WHAT IS BEING ASKED.
Search the entries below for the string "used" and copy the lines that hold it.

[Collected data entries]
++++++++++++++++++++
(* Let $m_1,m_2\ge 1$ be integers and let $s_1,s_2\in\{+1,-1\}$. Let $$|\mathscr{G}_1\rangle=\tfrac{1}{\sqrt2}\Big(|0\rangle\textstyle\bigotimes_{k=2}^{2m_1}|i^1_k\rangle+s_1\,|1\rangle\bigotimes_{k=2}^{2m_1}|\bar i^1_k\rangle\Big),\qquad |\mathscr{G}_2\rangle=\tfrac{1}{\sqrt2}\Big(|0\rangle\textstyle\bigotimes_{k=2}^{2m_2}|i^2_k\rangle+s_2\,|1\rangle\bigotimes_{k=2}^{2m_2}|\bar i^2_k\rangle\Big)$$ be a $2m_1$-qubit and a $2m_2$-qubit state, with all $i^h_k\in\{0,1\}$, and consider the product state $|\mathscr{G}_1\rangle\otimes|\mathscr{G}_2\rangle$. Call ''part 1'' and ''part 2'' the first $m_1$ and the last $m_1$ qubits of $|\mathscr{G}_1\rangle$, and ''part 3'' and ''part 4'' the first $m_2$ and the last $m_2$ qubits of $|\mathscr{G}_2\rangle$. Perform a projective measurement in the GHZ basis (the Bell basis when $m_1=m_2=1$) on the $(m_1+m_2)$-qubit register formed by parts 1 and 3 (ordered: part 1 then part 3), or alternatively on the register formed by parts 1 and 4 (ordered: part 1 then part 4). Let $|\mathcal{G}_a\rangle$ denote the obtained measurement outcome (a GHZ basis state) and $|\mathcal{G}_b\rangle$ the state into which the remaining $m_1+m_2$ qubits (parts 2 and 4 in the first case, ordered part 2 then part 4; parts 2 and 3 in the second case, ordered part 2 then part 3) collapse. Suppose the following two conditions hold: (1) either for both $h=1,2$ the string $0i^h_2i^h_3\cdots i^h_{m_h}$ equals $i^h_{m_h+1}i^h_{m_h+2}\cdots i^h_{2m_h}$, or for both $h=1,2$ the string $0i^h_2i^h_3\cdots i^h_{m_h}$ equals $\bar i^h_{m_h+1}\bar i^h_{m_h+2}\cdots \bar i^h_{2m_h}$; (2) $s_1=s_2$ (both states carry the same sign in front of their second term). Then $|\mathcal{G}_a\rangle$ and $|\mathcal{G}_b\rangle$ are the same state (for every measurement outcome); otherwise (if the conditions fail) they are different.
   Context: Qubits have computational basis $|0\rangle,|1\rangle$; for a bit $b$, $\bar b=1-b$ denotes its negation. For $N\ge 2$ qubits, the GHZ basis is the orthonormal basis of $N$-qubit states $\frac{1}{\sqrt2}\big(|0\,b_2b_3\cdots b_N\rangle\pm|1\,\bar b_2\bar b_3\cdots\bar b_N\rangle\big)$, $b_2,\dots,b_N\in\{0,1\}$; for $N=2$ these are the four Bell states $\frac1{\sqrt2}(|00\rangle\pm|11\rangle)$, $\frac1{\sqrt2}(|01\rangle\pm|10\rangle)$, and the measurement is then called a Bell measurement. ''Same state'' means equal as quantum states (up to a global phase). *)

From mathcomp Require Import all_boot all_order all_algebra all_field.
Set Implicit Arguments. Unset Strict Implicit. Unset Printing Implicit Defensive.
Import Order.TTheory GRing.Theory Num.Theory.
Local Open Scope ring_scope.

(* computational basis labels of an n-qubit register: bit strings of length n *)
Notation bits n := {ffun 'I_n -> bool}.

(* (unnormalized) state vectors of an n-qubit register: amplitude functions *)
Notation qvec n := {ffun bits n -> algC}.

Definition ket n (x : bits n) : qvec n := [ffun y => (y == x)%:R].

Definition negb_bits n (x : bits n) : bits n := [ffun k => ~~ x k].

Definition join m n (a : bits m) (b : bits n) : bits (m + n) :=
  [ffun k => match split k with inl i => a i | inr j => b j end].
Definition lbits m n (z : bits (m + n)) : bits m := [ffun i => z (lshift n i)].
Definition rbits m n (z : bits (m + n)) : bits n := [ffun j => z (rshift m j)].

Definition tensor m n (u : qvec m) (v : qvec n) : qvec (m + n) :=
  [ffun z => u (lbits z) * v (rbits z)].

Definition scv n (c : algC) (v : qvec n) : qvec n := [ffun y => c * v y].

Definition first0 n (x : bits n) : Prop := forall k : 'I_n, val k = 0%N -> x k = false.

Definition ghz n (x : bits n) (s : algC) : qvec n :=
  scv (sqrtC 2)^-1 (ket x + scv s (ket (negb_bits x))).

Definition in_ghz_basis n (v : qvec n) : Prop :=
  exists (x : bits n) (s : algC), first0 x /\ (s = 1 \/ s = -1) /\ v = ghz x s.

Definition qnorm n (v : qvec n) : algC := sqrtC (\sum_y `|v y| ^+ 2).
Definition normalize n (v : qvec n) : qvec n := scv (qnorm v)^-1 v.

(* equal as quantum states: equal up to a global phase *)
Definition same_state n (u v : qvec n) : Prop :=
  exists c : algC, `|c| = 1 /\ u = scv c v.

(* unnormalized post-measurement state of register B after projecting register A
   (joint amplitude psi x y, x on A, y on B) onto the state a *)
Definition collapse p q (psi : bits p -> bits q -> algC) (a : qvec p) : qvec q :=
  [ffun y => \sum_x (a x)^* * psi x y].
++++++++++++++++++++
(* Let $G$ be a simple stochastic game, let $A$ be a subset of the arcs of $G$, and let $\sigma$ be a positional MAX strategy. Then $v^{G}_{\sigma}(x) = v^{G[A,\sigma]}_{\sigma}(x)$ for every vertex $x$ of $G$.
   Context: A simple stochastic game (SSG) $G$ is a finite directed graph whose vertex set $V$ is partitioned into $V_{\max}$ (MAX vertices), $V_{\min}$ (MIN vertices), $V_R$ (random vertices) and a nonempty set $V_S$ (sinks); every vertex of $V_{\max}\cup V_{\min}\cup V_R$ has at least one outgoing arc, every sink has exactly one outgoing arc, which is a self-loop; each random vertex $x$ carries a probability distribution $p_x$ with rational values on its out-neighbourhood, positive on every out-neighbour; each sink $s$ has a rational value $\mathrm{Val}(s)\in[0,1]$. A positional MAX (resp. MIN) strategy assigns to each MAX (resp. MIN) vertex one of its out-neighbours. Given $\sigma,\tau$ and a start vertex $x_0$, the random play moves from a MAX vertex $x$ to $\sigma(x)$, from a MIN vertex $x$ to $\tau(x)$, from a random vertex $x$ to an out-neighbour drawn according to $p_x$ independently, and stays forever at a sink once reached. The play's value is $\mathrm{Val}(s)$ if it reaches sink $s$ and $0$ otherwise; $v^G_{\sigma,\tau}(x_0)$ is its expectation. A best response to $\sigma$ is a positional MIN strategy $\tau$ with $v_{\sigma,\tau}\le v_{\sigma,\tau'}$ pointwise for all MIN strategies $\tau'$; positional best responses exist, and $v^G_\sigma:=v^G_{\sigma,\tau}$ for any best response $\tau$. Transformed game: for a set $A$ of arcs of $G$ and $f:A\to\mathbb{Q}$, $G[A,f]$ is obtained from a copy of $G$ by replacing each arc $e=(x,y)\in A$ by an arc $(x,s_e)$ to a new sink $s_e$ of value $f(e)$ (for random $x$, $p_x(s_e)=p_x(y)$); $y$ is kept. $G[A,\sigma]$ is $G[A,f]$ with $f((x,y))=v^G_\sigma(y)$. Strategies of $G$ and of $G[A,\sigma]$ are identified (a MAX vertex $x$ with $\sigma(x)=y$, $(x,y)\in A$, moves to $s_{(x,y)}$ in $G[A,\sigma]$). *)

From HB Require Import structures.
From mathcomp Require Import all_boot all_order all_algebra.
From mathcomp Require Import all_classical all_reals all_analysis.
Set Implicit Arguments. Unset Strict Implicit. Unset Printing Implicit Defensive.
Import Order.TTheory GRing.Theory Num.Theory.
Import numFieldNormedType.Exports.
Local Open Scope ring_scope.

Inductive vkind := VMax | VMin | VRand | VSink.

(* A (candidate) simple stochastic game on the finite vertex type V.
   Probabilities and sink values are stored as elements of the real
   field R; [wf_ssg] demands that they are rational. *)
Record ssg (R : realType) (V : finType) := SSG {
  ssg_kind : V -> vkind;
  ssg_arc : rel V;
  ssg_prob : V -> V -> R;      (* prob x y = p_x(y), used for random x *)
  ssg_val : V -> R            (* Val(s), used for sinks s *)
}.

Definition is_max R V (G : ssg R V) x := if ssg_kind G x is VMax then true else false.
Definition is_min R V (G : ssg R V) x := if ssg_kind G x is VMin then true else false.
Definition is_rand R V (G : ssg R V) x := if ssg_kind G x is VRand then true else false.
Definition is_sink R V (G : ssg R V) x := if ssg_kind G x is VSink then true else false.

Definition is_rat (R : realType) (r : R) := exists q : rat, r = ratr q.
++++++++++++++++++++
OUTPUT FOR THIS TASK.
  ssg_prob : V -> V -> R;      (* prob x y = p_x(y), used for random x *)
  ssg_val : V -> R            (* Val(s), used for sinks s *)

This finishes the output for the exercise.